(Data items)
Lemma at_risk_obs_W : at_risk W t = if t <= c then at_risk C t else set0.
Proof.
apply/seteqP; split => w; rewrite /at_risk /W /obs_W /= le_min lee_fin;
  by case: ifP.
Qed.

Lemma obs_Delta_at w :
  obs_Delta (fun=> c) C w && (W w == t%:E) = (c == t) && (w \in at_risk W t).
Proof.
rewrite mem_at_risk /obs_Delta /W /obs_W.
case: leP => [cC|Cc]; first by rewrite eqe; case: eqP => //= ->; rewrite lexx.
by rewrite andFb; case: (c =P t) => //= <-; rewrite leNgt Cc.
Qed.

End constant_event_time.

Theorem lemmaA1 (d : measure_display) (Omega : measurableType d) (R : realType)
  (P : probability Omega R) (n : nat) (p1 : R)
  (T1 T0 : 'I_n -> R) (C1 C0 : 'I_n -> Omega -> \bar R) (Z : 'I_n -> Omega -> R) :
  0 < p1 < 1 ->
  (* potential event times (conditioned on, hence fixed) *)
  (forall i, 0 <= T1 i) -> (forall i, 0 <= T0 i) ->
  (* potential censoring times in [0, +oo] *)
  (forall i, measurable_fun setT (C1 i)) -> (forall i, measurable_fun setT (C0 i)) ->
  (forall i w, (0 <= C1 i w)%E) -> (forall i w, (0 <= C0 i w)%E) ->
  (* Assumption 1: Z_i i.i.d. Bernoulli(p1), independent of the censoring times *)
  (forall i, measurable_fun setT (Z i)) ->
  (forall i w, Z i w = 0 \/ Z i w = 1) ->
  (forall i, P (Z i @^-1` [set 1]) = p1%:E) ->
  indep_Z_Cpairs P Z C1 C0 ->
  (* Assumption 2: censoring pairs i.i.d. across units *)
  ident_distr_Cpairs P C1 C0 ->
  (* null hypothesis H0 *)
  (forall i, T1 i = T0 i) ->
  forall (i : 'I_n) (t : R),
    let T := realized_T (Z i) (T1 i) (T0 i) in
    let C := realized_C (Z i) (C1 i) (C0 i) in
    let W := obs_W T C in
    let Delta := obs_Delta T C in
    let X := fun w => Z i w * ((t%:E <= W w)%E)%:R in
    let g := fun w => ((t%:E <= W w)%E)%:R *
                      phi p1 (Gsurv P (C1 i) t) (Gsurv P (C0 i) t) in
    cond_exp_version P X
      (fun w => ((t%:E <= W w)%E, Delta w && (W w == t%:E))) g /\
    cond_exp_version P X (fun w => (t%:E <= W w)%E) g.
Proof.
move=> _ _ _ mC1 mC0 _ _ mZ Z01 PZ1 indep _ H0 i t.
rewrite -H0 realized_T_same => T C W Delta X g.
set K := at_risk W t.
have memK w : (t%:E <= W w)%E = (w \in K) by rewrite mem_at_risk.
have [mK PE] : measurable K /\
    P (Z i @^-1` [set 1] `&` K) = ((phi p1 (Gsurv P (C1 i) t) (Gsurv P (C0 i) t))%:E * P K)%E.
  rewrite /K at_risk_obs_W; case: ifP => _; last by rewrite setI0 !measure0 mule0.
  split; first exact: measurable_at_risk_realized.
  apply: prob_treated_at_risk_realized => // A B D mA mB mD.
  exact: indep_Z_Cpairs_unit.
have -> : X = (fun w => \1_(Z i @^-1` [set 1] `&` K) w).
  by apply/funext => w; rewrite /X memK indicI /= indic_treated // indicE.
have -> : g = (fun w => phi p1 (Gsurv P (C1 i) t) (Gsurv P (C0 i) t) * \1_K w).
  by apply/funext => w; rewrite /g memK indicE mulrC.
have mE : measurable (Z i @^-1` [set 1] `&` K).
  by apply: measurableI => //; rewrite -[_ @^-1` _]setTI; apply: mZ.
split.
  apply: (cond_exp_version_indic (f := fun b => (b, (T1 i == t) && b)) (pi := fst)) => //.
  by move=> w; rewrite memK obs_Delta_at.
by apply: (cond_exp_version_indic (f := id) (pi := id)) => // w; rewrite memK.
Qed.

Task requirements. Copy out each entry above with no deviation.

Reply.
Lemma at_risk_obs_W : at_risk W t = if t <= c then at_risk C t else set0.
Proof.
apply/seteqP; split => w; rewrite /at_risk /W /obs_W /= le_min lee_fin;
  by case: ifP.
Qed.

Lemma obs_Delta_at w :
  obs_Delta (fun=> c) C w && (W w == t%:E) = (c == t) && (w \in at_risk W t).
Proof.
rewrite mem_at_risk /obs_Delta /W /obs_W.
case: leP => [cC|Cc]; first by rewrite eqe; case: eqP => //= ->; rewrite lexx.
by rewrite andFb; case: (c =P t) => //= <-; rewrite leNgt Cc.
Qed.

End constant_event_time.

Theorem lemmaA1 (d : measure_display) (Omega : measurableType d) (R : realType)
  (P : probability Omega R) (n : nat) (p1 : R)
  (T1 T0 : 'I_n -> R) (C1 C0 : 'I_n -> Omega -> \bar R) (Z : 'I_n -> Omega -> R) :
  0 < p1 < 1 ->
  (* potential event times (conditioned on, hence fixed) *)
  (forall i, 0 <= T1 i) -> (forall i, 0 <= T0 i) ->
  (* potential censoring times in [0, +oo] *)
  (forall i, measurable_fun setT (C1 i)) -> (forall i, measurable_fun setT (C0 i)) ->
  (forall i w, (0 <= C1 i w)%E) -> (forall i w, (0 <= C0 i w)%E) ->
  (* Assumption 1: Z_i i.i.d. Bernoulli(p1), independent of the censoring times *)
  (forall i, measurable_fun setT (Z i)) ->
  (forall i w, Z i w = 0 \/ Z i w = 1) ->
  (forall i, P (Z i @^-1` [set 1]) = p1%:E) ->
  indep_Z_Cpairs P Z C1 C0 ->
  (* Assumption 2: censoring pairs i.i.d. across units *)
  ident_distr_Cpairs P C1 C0 ->
  (* null hypothesis H0 *)
  (forall i, T1 i = T0 i) ->
  forall (i : 'I_n) (t : R),
    let T := realized_T (Z i) (T1 i) (T0 i) in
    let C := realized_C (Z i) (C1 i) (C0 i) in
    let W := obs_W T C in
    let Delta := obs_Delta T C in
    let X := fun w => Z i w * ((t%:E <= W w)%E)%:R in
    let g := fun w => ((t%:E <= W w)%E)%:R *
                      phi p1 (Gsurv P (C1 i) t) (Gsurv P (C0 i) t) in
    cond_exp_version P X
      (fun w => ((t%:E <= W w)%E, Delta w && (W w == t%:E))) g /\
    cond_exp_version P X (fun w => (t%:E <= W w)%E) g.
Proof.
move=> _ _ _ mC1 mC0 _ _ mZ Z01 PZ1 indep _ H0 i t.
rewrite -H0 realized_T_same => T C W Delta X g.
set K := at_risk W t.
have memK w : (t%:E <= W w)%E = (w \in K) by rewrite mem_at_risk.
have [mK PE] : measurable K /\
    P (Z i @^-1` [set 1] `&` K) = ((phi p1 (Gsurv P (C1 i) t) (Gsurv P (C0 i) t))%:E * P K)%E.
  rewrite /K at_risk_obs_W; case: ifP => _; last by rewrite setI0 !measure0 mule0.
  split; first exact: measurable_at_risk_realized.
  apply: prob_treated_at_risk_realized => // A B D mA mB mD.
  exact: indep_Z_Cpairs_unit.
have -> : X = (fun w => \1_(Z i @^-1` [set 1] `&` K) w).
  by apply/funext => w; rewrite /X memK indicI /= indic_treated // indicE.
have -> : g = (fun w => phi p1 (Gsurv P (C1 i) t) (Gsurv P (C0 i) t) * \1_K w).
  by apply/funext => w; rewrite /g memK indicE mulrC.
have mE : measurable (Z i @^-1` [set 1] `&` K).
  by apply: measurableI => //; rewrite -[_ @^-1` _]setTI; apply: mZ.
split.
  apply: (cond_exp_version_indic (f := fun b => (b, (T1 i == t) && b)) (pi := fst)) => //.
  by move=> w; rewrite memK obs_Delta_at.
by apply: (cond_exp_version_indic (f := id) (pi := id)) => // w; rewrite memK.
Qed.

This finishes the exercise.